Now of course these matters are important. But since I don't feel I have the same calling as some of the people who write me do, I feel I am of little use in such conversations. Additionally, because these men who do not know me and I do not know them, I ask that we can bring things to the public forum instead, so that neither one of us can go off on too bad of a tangent as could happen in a PM.
The last time I declined to get into this kind of discussion, the person wrote back with a post that I myself had written: "I do believe I asked a valid question. And in return, I never from a question or accusation pointed at myself, either." The person even included the date I wrote it--July 19, 2014.
Although this statement was meant to pertain to questions and accusations aimed towards me in the forums (therefore, in public and not in a PM), I can understand why those who have written me regarding such concerns would push for more of an answer than what I usually give. I explained to the other person what I intended to do, read his reply, and have decided to try to answer the questions I've been asked in a series of threads. To protect the privacy of the men who ask me these things, I am going to combine and paraphase their questions into ideas of my own (NOTHING I write is a direct quote unless I specifically state that it is.)
The reason I'm doing this is:
1. There has been some insistence from those who write that I address these issues, so answer I will, even if it's only a simple reply.
2. I am publicly so that, as I said, it keeps the conversation on track.
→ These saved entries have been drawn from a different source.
(* Otherwise, with h a homeomorphism close to fbar_t and g its inverse, level o g would
   pass from above 5/8 (at h q, where g gives q) to 0 (at h s0, where g gives s0)
   along the segment from h q to w = fbar_t q, the ray from w down to the point s0 of S,
   and the segment from s0 to h s0 -- a path staying close to levels < 1/2. *)
Lemma fbar_low_preimage q : inD q -> level (fbar t q) < 1/2 -> level q <= 3/4.
Proof.
  intros HqD Hw. apply Rnot_lt_le. intro Hq.
  set (w := fbar t q) in *.
  assert (HwD : inD w) by (apply fbar_inD, HqD).
  pose proof (level_range w HwD) as Hlw.
  set (s0 := phi (angle w) 0).
  assert (Hs0D : inD s0) by (apply inD_phi; lra).
  assert (Ls0 : level s0 = 0) by (apply level_phi; lra).
  destruct (level_unif (1/8)) as [d [Hd Hunif]]; [lra|].
  destruct (uw_near _ _ Hfbar t Ht) as [_ Happrox].
  destruct (Happrox (d / 2)) as [h [[HhD [_ [g [HgD [Hgc Hgh]]]]] Hclose]]; [lra|].
  assert (Hhg : forall p, inD p -> h (g p) = p) by (intros p Hp; apply Hgh, Hp).
  pose proof (no_crossing_near_low_levels d h g) as Hno.
  assert (Hqq : dist2 w (h q) < d / 2) by (apply Hclose, HqD).
  assert (Hs0 : dist2 s0 (h s0) < d / 2)
    by (rewrite <- (fbar_fixes_low s0) at 1 by (auto; lra); apply Hclose, Hs0D).
  destruct (Rle_lt_dec (level (g w)) (5/8)) as [Cw|Cw].
  - apply (Hno (seg_path (h q) w) 0 1); auto using seg_path_inD, seg_path_continuous; [lra| |].
    + intros x _. exists w. pose proof (seg_path_ends (h q) w x).
      rewrite dist2_sym in Hqq. repeat split; auto; lra.
    + rewrite seg_path_0, seg_path_1, (proj1 (Hgh q HqD)). nra.
  - destruct (Rle_lt_dec (level (g s0)) (5/8)) as [Cs|Cs].
    + apply (Hno (fun x => phi (angle w) (clamp 0 (level w) x)) 0 (level w));
        auto; try lra.
      * intro x. apply inD_phi. pose proof (clamp_range 0 (level w) x ltac:(lra)). lra.
      * apply radial_path_continuous. lra.
      * intros x _. exists (phi (angle w) (clamp 0 (level w) x)).
        pose proof (clamp_range 0 (level w) x ltac:(lra)).
        rewrite level_phi, dist2_refl by lra. split; [apply inD_phi|split]; lra.
      * rewrite !clamp_id by lra. fold s0. rewrite phi_angle_level by exact HwD. nra.
    + apply (Hno (seg_path s0 (h s0)) 0 1); auto using seg_path_inD, seg_path_continuous;
        [lra| |].
      * intros x _. exists s0. pose proof (seg_path_ends s0 (h s0) x).
        repeat split; auto; lra.
      * rewrite seg_path_0, seg_path_1, (proj1 (Hgh s0 Hs0D)), Ls0. nra.
Qed.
I would also like to know what all of you think about these situations and how you choose, or would choose, to reply
3. I'm writing in response to men who are older in age than I am and whom I do not know, which is, as I've said, the reason why I'm answering publicly. If it were someone I knew or had a regular dialogue with, of course I would answer in private.
My questions for you are:
1. When people (who are Christians themselves) complain about the lack of power, faith, sincerity, or purity of other Christian's lives, how do you respond? If someone tells you that the church has gone too soft and doesn't accept God's Word or correction anymore, what is your answer?
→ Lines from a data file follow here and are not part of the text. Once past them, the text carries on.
Lemma many_disjoint_tuples (d : nat) (P : pset) (Cs : nat -> list pset) (D : nat -> nat) :
  (1 <= d)%nat ->
  (forall k, (k < 2 * d)%nat -> forall C, In C (Cs k) -> in_Ceq d P C) ->
  (forall k, (k < 2 * d)%nat -> forall p J, pierced (Cs k) p J -> (length J <= D k)%nat) ->
  exists T, NoDup T /\
    (forall t, In t T -> valid_tuple (2 * d) Cs t /\ ~ tuple_intersects (2 * d) Cs t) /\
    (prodn (fun k => length (Cs k) - D k) (seq 0 (2 * d)) <= length T)%nat.
Proof.
  intros Hd HCs HD.
  destruct (choice (fun (i : nat) (Gi : list (nat * nat)) => (i < d ->
      disjoint_pairs nat (fibre (Cs (2 * i)) (S i)) (fibre (Cs (2 * i + 1)) (S i))
        (seq 0 (length (Cs (2 * i)))) (seq 0 (length (Cs (2 * i + 1)))) Gi /\
      (length (Cs (2 * i)) - D (2 * i)) * (length (Cs (2 * i + 1)) - D (2 * i + 1))
         <= length Gi)%nat)) as [G HG].
  { intros i; destruct (Compare_dec.lt_dec i d) as [Hi | Hi]; [| exists []; lia].
    destruct (many_disjoint_fibre_pairs d P (Cs (2 * i)%nat) (Cs (2 * i + 1)%nat)
                (D (2 * i)%nat) (D (2 * i + 1)%nat) (S i)) as [Gi HGi];
      [apply HCs; lia | apply HCs; lia | apply HD; lia | apply HD; lia |].
    rewrite !length_seq in HGi; exists Gi; intros _; exact HGi. }
  exists (map flatten_pairs (choices (map G (seq 0 d)))); split; [| split].
  - apply Injective_map_NoDup; [exact flatten_pairs_inj |]; apply NoDup_choices.
    intros L HL; apply in_map_iff in HL as [i [<- Hi]]; apply in_seq in Hi; apply HG; lia.
  - intros t Ht; apply in_map_iff in Ht as [ps [<- Hps]].
    split; [apply (paired_tuple_valid d Cs G) | apply (paired_tuple_not_intersects d P Cs G)];
      auto; intros i Hi; apply (HG i Hi).
  - rewrite length_map, length_choices, map_map.
    transitivity (prodn (fun i => (length (Cs (2 * i)) - D (2 * i)) *
                                  (length (Cs (2 * i + 1)) - D (2 * i + 1))) (seq 0 d))%nat.
    + apply Nat.eq_le_incl, (prodn_seq_double (fun k => length (Cs k) - D k)%nat 0 d).
    + apply prodn_le_mono; intros i Hi; apply in_seq in Hi; apply HG; lia.
Qed.

Lemma valid_tuples_length_le (m : nat) (Cs : nat -> list pset) (T : list (list nat)) :
  NoDup T -> (forall t, In t T -> valid_tuple m Cs t) ->
  (length T <= prodn (fun k => length (Cs k)) (seq 0 m))%nat.
Proof.
  intros NT HT; transitivity (length (choices (map (fun k => seq 0 (length (Cs k))) (seq 0 m)))).
  2: { rewrite length_choices, map_map; apply Nat.eq_le_incl; unfold prodn; f_equal.
       apply map_ext; intros k; apply length_seq. }
  apply NoDup_incl_length; [exact NT |]; intros t Ht; destruct (HT t Ht) as [Lt Bt].
  apply (in_choices 0%nat).
  rewrite length_map, length_seq; split; [exact Lt |].
  intros k Hk; rewrite nth_map_seq by exact Hk; apply in_seq; specialize (Bt k Hk); lia.
Qed.

Lemma prod_sizes_gap m (N D : nat -> nat) c :
  (0 < m)%nat -> 0 <= c ->
  (forall k, (k < m)%nat -> (D k <= N k)%nat /\ INR (D k) < (1 - c) * INR (N k)) ->
  c ^ m * prodr (fun k => INR (N k)) (seq 0 m) < INR (prodn (fun k => N k - D k)%nat (seq 0 m)).
Proof.
  intros Hm Hc HD; rewrite <- prodr_INR.
  rewrite <- (length_seq m 0) at 1; rewrite <- prodr_scale.
  apply prodr_lt; [destruct m; [lia | discriminate] |].
  intros k Hk; apply in_seq in Hk; destruct (HD k ltac:(lia)) as [HDN HDc].
  rewrite minus_INR by exact HDN; split; [apply Rmult_le_pos; [exact Hc | apply pos_INR] | lra].
Qed.

(* Colours k = 0,...,2d-1 stand for the paper's 1,...,2d. *)
Theorem theorem6 (d : nat) (P : pset) (alpha : R) (Cs : nat -> list pset) :
  (1 <= d)%nat ->
  (forall x i, P (x, i) -> (1 <= i <= d)%nat) ->
  0 < alpha <= 1 ->
  (forall k, (k < 2 * d)%nat ->
     distinct_sets (Cs k) /\ (forall C, In C (Cs k) -> in_Ceq d P C)) ->
  (exists L : list (list nat),
     NoDup L /\
     (forall t, In t L -> valid_tuple (2 * d) Cs t /\ tuple_intersects (2 * d) Cs t) /\
     INR (length L) >= alpha * prod_sizes (2 * d) Cs) ->
  exists k, (k < 2 * d)%nat /\
    exists J : list nat,
      NoDup J /\ (forall j, In j J -> (j < length (Cs k))%nat) /\
      INR (length J) >= (1 - nroot (1 - alpha) (2 * d)) * INR (length (Cs k)) /\
      exists p, forall j, In j J -> nth j (Cs k) empty_pset p.
Proof.
  intros Hd _ Halpha HCs [L (NL & HL & LL)].
  set (c := nroot (1 - alpha) (2 * d)).
  assert (Hc : 0 <= c) by apply nroot_nonneg.
  assert (Hcpow : c ^ (2 * d) = 1 - alpha) by (apply nroot_pow; [lra | lia]).
  apply NNPP; intros Hno.
  destruct (exists_depths (2 * d) Cs (fun k => (1 - c) * INR (length (Cs k)))) as [D HD].
  { intros k p J Hk (NJ & BJ & PJ); apply Rnot_le_lt; intros Hge.
    apply Hno; exists k; split; [exact Hk |]; exists J; repeat split; eauto; lra. }
  destruct (many_disjoint_tuples d P Cs D) as (T & NT & HT & LT);
    [exact Hd | apply HCs | apply HD |].
  assert (Hall : (length L + length T <= prodn (fun k => length (Cs k)) (seq 0 (2 * d)))%nat).
  { rewrite <- length_app; apply valid_tuples_length_le.
    - apply NoDup_app; [exact NL | exact NT |]; intros t HtL HtT; apply (HT t HtT), HL, HtL.
    - intros t Ht; apply in_app_iff in Ht as [Ht | Ht]; [apply HL | apply HT]; exact Ht. }
  assert (Hgap := prod_sizes_gap (2 * d) (fun k => length (Cs k)) D c ltac:(lia) Hc
                    (fun k Hk => conj (proj1 (HD k Hk)) (proj1 (proj2 (HD k Hk))))).
  apply le_INR in Hall, LT; rewrite plus_INR, <- prodr_INR in Hall.
  change (prod_sizes (2 * d) Cs) with (prodr (fun k => INR (length (Cs k))) (seq 0 (2 * d))) in LL.
  rewrite Hcpow in Hgap; lra.
Qed.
2. How do you respond when a fellow Christian implies that your own faith is worldly and not Godly, or at least not "Godly enough" (or, not as Godly as theirs)?
(I will answer for myself in my next thread, as I want to present another train of thought first, but am curious as to how all of you feel about this.)
Thank you so much for taking the time to read and consider the presented thoughts. I always look forward to learning from all of you.